Kita akui, berbagai kebijakan penanganan kemiskinan dan pengangguran akibat dampak krisis global untuk tahun 2009 telah dicanangkan pemerintah. Misalnya, bantuan langsung tunai selama dua bulan, alokasi 15 kilogram beras untuk 18,2 juta rumah tangga sasaran, perluasan daerah program keluarga harapan, ekspansi program nasional pemberdayaan mandiri (PNPM). Belum lagi stimulus proyek infrastruktur sebagai lokomotif pergerakan berbagai bisnis, sehingga ada potensi penyerapan tenaga kerja langsung maupun tidak langsung sekitar 3,9 juta orang.

Kalaupun semua itu dilaksanakan, apakah persoalan beres? Nyatanya, belum semua program berjalan, kita sudah dicemaskan soal kemungkinan kepulangan ratusan ribu tenaga kerja Indonesia dari luar negeri. Mereka tentu bakal menambah hiruk-pikuk pasar kerja.

Selain faktor eksternal, dari internal kita sendiri seolah tak ada habisnya. Dampak perubahan iklim, misalnya, kian ekstrem. Gelombang tinggi, banjir, longsor, badai, kian sering memorakporandakan ladang kehidupan rakyat.

Menghapus pengangguran dan kemiskinan, memakmurkan bangsa, memang target maksimal dan cita-cita luhur para founding fathers. Karena itu, siapa pun presiden berikut kabinetnya, itu akan selalu menjadi tantangan berat, dan isu yang sangat mudah dipolitisasi.

Menurut hemat kita, dibutuhkan antisipasi berupa perencanaan dan implementasi yang inovatif disertai kerja ekstra keras dan sungguh-sungguh. Bukan sekadar diomongkan, dicanangkan, lalu urusan dianggap beres.

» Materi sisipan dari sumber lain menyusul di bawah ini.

(* Let $R>0$, $D>0$, $k\ge0$ an integer and $n\ge k+2$. For every algorithm $\mathcal A\in\mathfrak A_{\mathrm{sep}}$, $$\sup\ \|\nabla\mathbf L(\mathbf z^k)\|^2\ \ge\ \frac{R^2D^2}{(2\lfloor k/2\rfloor+1)^2},$$ where the supremum is over all $R$-smooth convex-concave $\mathbf L$ on $\mathbb R^n\times\mathbb R^n$ having a saddle point $\mathbf z^\star$ and all starting points $\mathbf z^0$ with $\|\mathbf z^0-\mathbf z^\star\|\le D$, and $\mathbf z^k$ is the $k$-th iterate of $\mathcal A$ applied to $\mathbf L$ from $\mathbf z^0$. Consequently, the EAG-C and EAG-V algorithms, which achieve $\|\nabla\mathbf L(\mathbf z^k)\|^2=\mathcal O(R^2\|\mathbf z^0-\mathbf z^\star\|^2/k^2)$, are optimal up to a constant factor in $\mathfrak A_{\mathrm{sep}}$.
   Context: Write $\mathbf z=(\mathbf x,\mathbf y)$. $\mathbf L$ convex-concave: convex in $\mathbf x$ for fixed $\mathbf y$, concave in $\mathbf y$ for fixed $\mathbf x$; a saddle point $(\mathbf x^\star,\mathbf y^\star)$ satisfies $\mathbf L(\mathbf x^\star,\mathbf y)\le\mathbf L(\mathbf x^\star,\mathbf y^\star)\le\mathbf L(\mathbf x,\mathbf y^\star)$ for all $\mathbf x,\mathbf y$. $\mathbf G(\mathbf z)=(\nabla_{\mathbf x}\mathbf L,-\nabla_{\mathbf y}\mathbf L)$; $R$-smooth means $\mathbf G$ is $R$-Lipschitz. A deterministic algorithm produces $\mathbf z^j=\mathcal A(\mathbf z^0,\dots,\mathbf z^{j-1};\mathbf L)$; $\mathfrak A_{\mathrm{sep}}$ is the class of such algorithms with $\mathbf x^j\in\mathbf x^0+\mathrm{span}\{\nabla_{\mathbf x}\mathbf L(\mathbf z^0),\dots,\nabla_{\mathbf x}\mathbf L(\mathbf z^{j-1})\}$ and $\mathbf y^j\in\mathbf y^0+\mathrm{span}\{\nabla_{\mathbf y}\mathbf L(\mathbf z^0),\dots,\nabla_{\mathbf y}\mathbf L(\mathbf z^{j-1})\}$ for all $j\ge1$. EAG-C: $\mathbf z^{k+1/2}=\mathbf z^k+\frac1{k+2}(\mathbf z^0-\mathbf z^k)-\alpha\mathbf G(\mathbf z^k)$, $\mathbf z^{k+1}=\mathbf z^k+\frac1{k+2}(\mathbf z^0-\mathbf z^k)-\alpha\mathbf G(\mathbf z^{k+1/2})$ with constant $\alpha$; EAG-V is the same with step-sizes $\alpha_k$ given by $\alpha_{k+1}=\alpha_k\big(1-\frac{1}{(k+1)(k+3)}\frac{\alpha_k^2R^2}{1-\alpha_k^2R^2}\big)$. *)

From HB Require Import structures.
From mathcomp Require Import all_boot all_order all_algebra.
From mathcomp Require Import all_classical all_reals all_analysis.
Set Implicit Arguments. Unset Strict Implicit. Unset Printing Implicit Defensive.
Import Order.TTheory GRing.Theory Num.Theory.
Import numFieldNormedType.Exports.
Local Open Scope ring_scope.
Local Open Scope classical_set_scope.

Section Defs.
Variables (R : realType) (n : nat).
Notation vec := 'rV[R]_n.
Notation pt := (vec * vec)%type.

Definition sqnorm (v : vec) : R := \sum_(i < n) (v 0 i) ^+ 2.
Definition znorm (z : pt) : R := Num.sqrt (sqnorm z.1 + sqnorm z.2).

Definition gradx (L : vec -> vec -> R) (z : pt) : vec :=
  \row_i derive (fun x => L x z.2) z.1 (delta_mx 0 i).
Definition grady (L : vec -> vec -> R) (z : pt) : vec :=
  \row_i derive (fun y => L z.1 y) z.2 (delta_mx 0 i).

Definition Gop (L : vec -> vec -> R) (z : pt) : pt := (gradx L z, - grady L z).

Definition sqgradnorm (L : vec -> vec -> R) (z : pt) : R :=
  sqnorm (gradx L z) + sqnorm (grady L z).

Definition convex_concave (L : vec -> vec -> R) : Prop :=
  (forall y x1 x2 (t : R), 0 <= t <= 1 ->
     L (t *: x1 + (1 - t) *: x2) y <= t * L x1 y + (1 - t) * L x2 y) /\
  (forall x y1 y2 (t : R), 0 <= t <= 1 ->
     t * L x y1 + (1 - t) * L x y2 <= L x (t *: y1 + (1 - t) *: y2)).

Definition is_saddle (L : vec -> vec -> R) (zs : pt) : Prop :=
  forall x y, L zs.1 y <= L zs.1 zs.2 /\ L zs.1 zs.2 <= L x zs.2.

Definition smooth (Rs : R) (L : vec -> vec -> R) : Prop :=
  (forall z : pt, differentiable (fun p : pt => L p.1 p.2) z) /\
  (forall z z' : pt,
     znorm (Gop L z - Gop L z') <= Rs * znorm (z - z')).

Definition problem_class (Rs : R) (L : vec -> vec -> R) : Prop :=
  smooth Rs L /\ convex_concave L /\ exists zs, is_saddle L zs.

Definition algorithm := (vec -> vec -> R) -> seq pt -> pt.

Fixpoint history (A : algorithm) (L : vec -> vec -> R) (z0 : pt) (j : nat)
  : seq pt :=
  match j with
  | 0 => [:: z0]
  | j'.+1 => let h := history A L z0 j' in rcons h (A L h)
  end.

Definition iterate (A : algorithm) L z0 (j : nat) : pt :=
  last z0 (history A L z0 j).

(* A in A_sep (relative to the considered problem class): for all j >= 1,
   x^j in x^0 + span{grad_x L(z^0..z^{j-1})}, same for y. *)
Definition in_Asep (Rs : R) (A : algorithm) : Prop :=
  forall (L : vec -> vec -> R) (z0 : pt) (j : nat), problem_class Rs L ->
    (exists c : 'I_j -> R,
        (iterate A L z0 j).1 =
          z0.1 + \sum_(i < j) c i *: gradx L (iterate A L z0 i)) /\
    (exists c : 'I_j -> R,
        (iterate A L z0 j).2 =
          z0.2 + \sum_(i < j) c i *: grady L (iterate A L z0 i)).

Definition worst_case (Rs Dd : R) (A : algorithm) (k : nat) : \bar R :=
  ereal_sup [set e : \bar R | exists (L : vec -> vec -> R) (z0 : pt),
      [/\ problem_class Rs L,
           (exists zs, is_saddle L zs /\ znorm (z0 - zs) <= Dd) &
           e = (sqgradnorm L (iterate A L z0 k))%:E]].
End Defs.

(* Hard instance: L(x, y) = R <B x - b, y>, where B averages each of the first
   N = 2p + 1 coordinates (p = k/2) with its cyclic successor and b = beta e_p.
   Multiplying by B or B^T extends a support interval by one coordinate on one
   side, so starting from z^0 = 0 the span condition confines x^j to the
   coordinates [p + 1 - j/2, p + j/2]; in particular x^k vanishes at coordinate 0.
   The alternating vector a = (1, -1, ..., 1) satisfies <B x, a> = x_0 because N
   is odd, hence <B x^k - b, a> = -+beta and Cauchy-Schwarz gives
   ||grad_y L(z^k)||^2 >= R^2 beta^2 / N.  The saddle point (x*, 0), B x* = b,
   has ||x*||^2 = N beta^2, and beta = D / sqrt N turns this into R^2 D^2 / N^2. *)

From HB Require Import structures.
From mathcomp Require Import all_boot all_order all_algebra all_fingroup.
From mathcomp Require Import all_classical all_reals all_analysis.
From mathcomp Require Import zify ring lra.
Import Order.TTheory GRing.Theory Num.Theory.
Import numFieldNormedType.Exports.
Set Implicit Arguments. Unset Strict Implicit. Unset Printing Implicit Defensive.
Local Open Scope ring_scope.

Section EuclideanRows.
Variables (R : realType) (n : nat).
Implicit Types (u v w : 'rV[R]_n) (M : 'M[R]_n).

Definition vdot u v : R := (u *m v^T) 0 0.

Lemma vdotE u v : vdot u v = \sum_i u 0 i * v 0 i.
Proof. by rewrite /vdot mxE; apply: eq_bigr => i _; rewrite mxE. Qed.

Lemma sqnorm_vdot v : sqnorm v = vdot v v.
Proof. by rewrite vdotE; apply: eq_bigr => i _; rewrite expr2. Qed.

Lemma vdotBl u v w : vdot (u - v) w = vdot u w - vdot v w.
Proof. by rewrite /vdot mulmxBl !mxE. Qed.

Lemma vdotZl (c : R) u v : vdot (c *: u) v = c * vdot u v.
Proof. by rewrite /vdot -scalemxAl mxE. Qed.

Lemma vdot_mulmxl u v M : vdot (u *m M) v = vdot u (v *m M^T).
Proof. by rewrite /vdot trmx_mul trmxK mulmxA. Qed.

Lemma vdot_deltal i v : vdot (delta_mx 0 i) v = v 0 i.
Proof. by rewrite /vdot -rowE !mxE. Qed.

Lemma vdot_deltar u i : vdot u (delta_mx 0 i) = u 0 i.
Proof.
rewrite vdotE (bigD1 i) //= big1 => [|j ji];
  by rewrite !mxE ?eqxx ?(negbTE ji) ?mulr1 ?addr0 ?mulr0.
Qed.

Lemma sqnorm_ge0 v : 0 <= sqnorm v.
Proof. by apply: sumr_ge0 => i _; exact: sqr_ge0. Qed.

Lemma sqnorm0 : sqnorm (0 : 'rV[R]_n) = 0.
Proof. by rewrite /sqnorm big1 // => i _; rewrite mxE expr0n. Qed.

Lemma sqnormZ (c : R) v : sqnorm (c *: v) = c ^+ 2 * sqnorm v.
Proof. by rewrite /sqnorm mulr_sumr; apply: eq_bigr => i _; rewrite mxE exprMn. Qed.

Lemma sqnormN v : sqnorm (- v) = sqnorm v.
Proof. by rewrite -scaleN1r sqnormZ sqrrN expr1n mul1r. Qed.

Lemma sqnorm_col_perm (s : {perm 'I_n}) v : sqnorm (col_perm s v) = sqnorm v.
Proof.
by rewrite /sqnorm [RHS](reindex_inj (@perm_inj _ s)); apply: eq_bigr => i _; rewrite mxE.
Qed.

Lemma sqnorm_midpoint u v : sqnorm (2^-1 *: (u + v)) <= (sqnorm u + sqnorm v) / 2.
Proof.
rewrite /sqnorm -big_split mulr_suml; apply: ler_sum => i _; rewrite !mxE.
set a := u 0 i; set b := v 0 i.
have -> : (2^-1 * (a + b)) ^+ 2 = (a ^+ 2 + b ^+ 2) / 2 - (a - b) ^+ 2 / 4 by field.
by rewrite gerBl divr_ge0 // sqr_ge0.
Qed.

Lemma sqnorm_avg_col_perm (s : {perm 'I_n}) v :
  sqnorm (2^-1 *: (v + col_perm s v)) <= sqnorm v.
Proof. by rewrite (le_trans (sqnorm_midpoint _ _)) // sqnorm_col_perm; lra. Qed.

Lemma vdot_CauchySchwarz u v : vdot u v ^+ 2 <= sqnorm u * sqnorm v.
Proof.
rewrite vdotE; set s := \sum_i _; set a := sqnorm u; set b := sqnorm v.
have [b0|b_gt0] := eqVneq b 0.
  have v0 i : v 0 i = 0.
    apply/eqP; rewrite -sqrf_eq0 eq_le sqr_ge0 andbT -b0 /b /sqnorm.
    by rewrite (bigD1 i) //= lerDl sumr_ge0 // => j _; exact: sqr_ge0.
  by rewrite /s big1 ?expr0n ?b0 ?mulr0 // => i _; rewrite v0 mulr0.
have sq_dev : \sum_i (b * u 0 i - s * v 0 i) ^+ 2 = b * (a * b - s ^+ 2).
  rewrite (eq_bigr (fun i => b ^+ 2 * u 0 i ^+ 2 - 2 * b * s * (u 0 i * v 0 i)
                               + s ^+ 2 * v 0 i ^+ 2)); last by move=> i _; ring.
  rewrite !big_split /= sumrN -!mulr_sumr -/s -/(sqnorm u) -/(sqnorm v) -/a -/b; ring.
have : 0 <= b * (a * b - s ^+ 2).
  by rewrite -sq_dev sumr_ge0 // => i _; exact: sqr_ge0.
by rewrite pmulr_rge0 ?lt0r ?b_gt0 ?sqnorm_ge0 // subr_ge0 mulrC.
Qed.

Definition supported_in (lo hi : nat) v :=
  forall i : 'I_n, (i < lo)%N || (hi < i)%N -> v 0 i = 0.

Lemma supported_in0 lo hi : supported_in lo hi 0.
Proof. by move=> i _; rewrite mxE. Qed.

Lemma supported_inZ lo hi (c : R) v : supported_in lo hi v -> supported_in lo hi (c *: v).
Proof. by move=> v_supp i out; rewrite mxE v_supp ?mulr0. Qed.

Lemma supported_inB lo hi u v :
  supported_in lo hi u -> supported_in lo hi v -> supported_in lo hi (u - v).
Proof. by move=> u_supp v_supp i out; rewrite !mxE u_supp ?v_supp ?subrr. Qed.

Lemma supported_in_sum lo hi m (c : 'I_m -> R) (w : 'I_m -> 'rV[R]_n) :
  (forall j, supported_in lo hi (w j)) -> supported_in lo hi (\sum_j c j *: w j).
Proof.
by move=> w_supp i out; rewrite summxE big1 // => j _; rewrite mxE w_supp ?mulr0.
Qed.

Lemma supported_in_widen lo hi lo' hi' v : (lo' <= lo)%N -> (hi <= hi')%N ->
  supported_in lo hi v -> supported_in lo' hi' v.
Proof. by move=> le_lo le_hi v_supp i out; apply: v_supp; lia. Qed.

Lemma supported_in_delta lo hi (p : 'I_n) :
  (lo <= p <= hi)%N -> supported_in lo hi (delta_mx 0 p).
Proof. by move=> p_in i; rewrite mxE eqxx /=; case: eqP => // -> out; lia. Qed.

End EuclideanRows.

Lemma derive_affine (R : realType) (V : normedModType R) (f : V -> R) (a v : V) (d : R) :
  (forall h : R, f (h *: v + a) = f a + h * d) -> derive f a v = d.
Proof.
move=> f_affine; rewrite /derive.
have -> : (fun h : R => h^-1 *: ((f \o shift a) (h *: v) - f a)) = (fun h => h^-1 * (h * d)).
  by apply/funext => h /=; rewrite f_affine addrC addKr.
apply: cvg_lim => //; apply: cvg_near_cst; near=> h.
have h_neq0 : h != 0 by near: h; exact: nbhs_dnbhs_neq.
by rewrite mulrA mulVf ?mul1r.
Unshelve. all: by end_near.
Qed.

Hal-hal kecil acap kali mendorong masyarakat untuk mengatasi masalahnya sendiri. Tetapi hal-hal kecil itu pun terkadang tidak bisa berjalan pada tahapan implementasi, hanya karena presiden, menteri, kepala daerah berbeda latar belakang partai. Ironis.

Padahal kita semua sudah tahu bahwa pemimpin negeri ini dalam bertindak, mengambil keputusan, harus berprinsip demi negara bukan demi partai, sayangnya, kalau partai tidak mendapatkan manfaat secara langsung dari program pemerintah yang berkuasa, atau program itu tidak mampu mengangkat popularitas partai dimata masyarakat secara luas, maka partai tersebut akan berusaha mati-matian untuk mengganjal pelaksanaannya, akan menghadang dengan segala macam cara supaya tidak terlaksana, dsb.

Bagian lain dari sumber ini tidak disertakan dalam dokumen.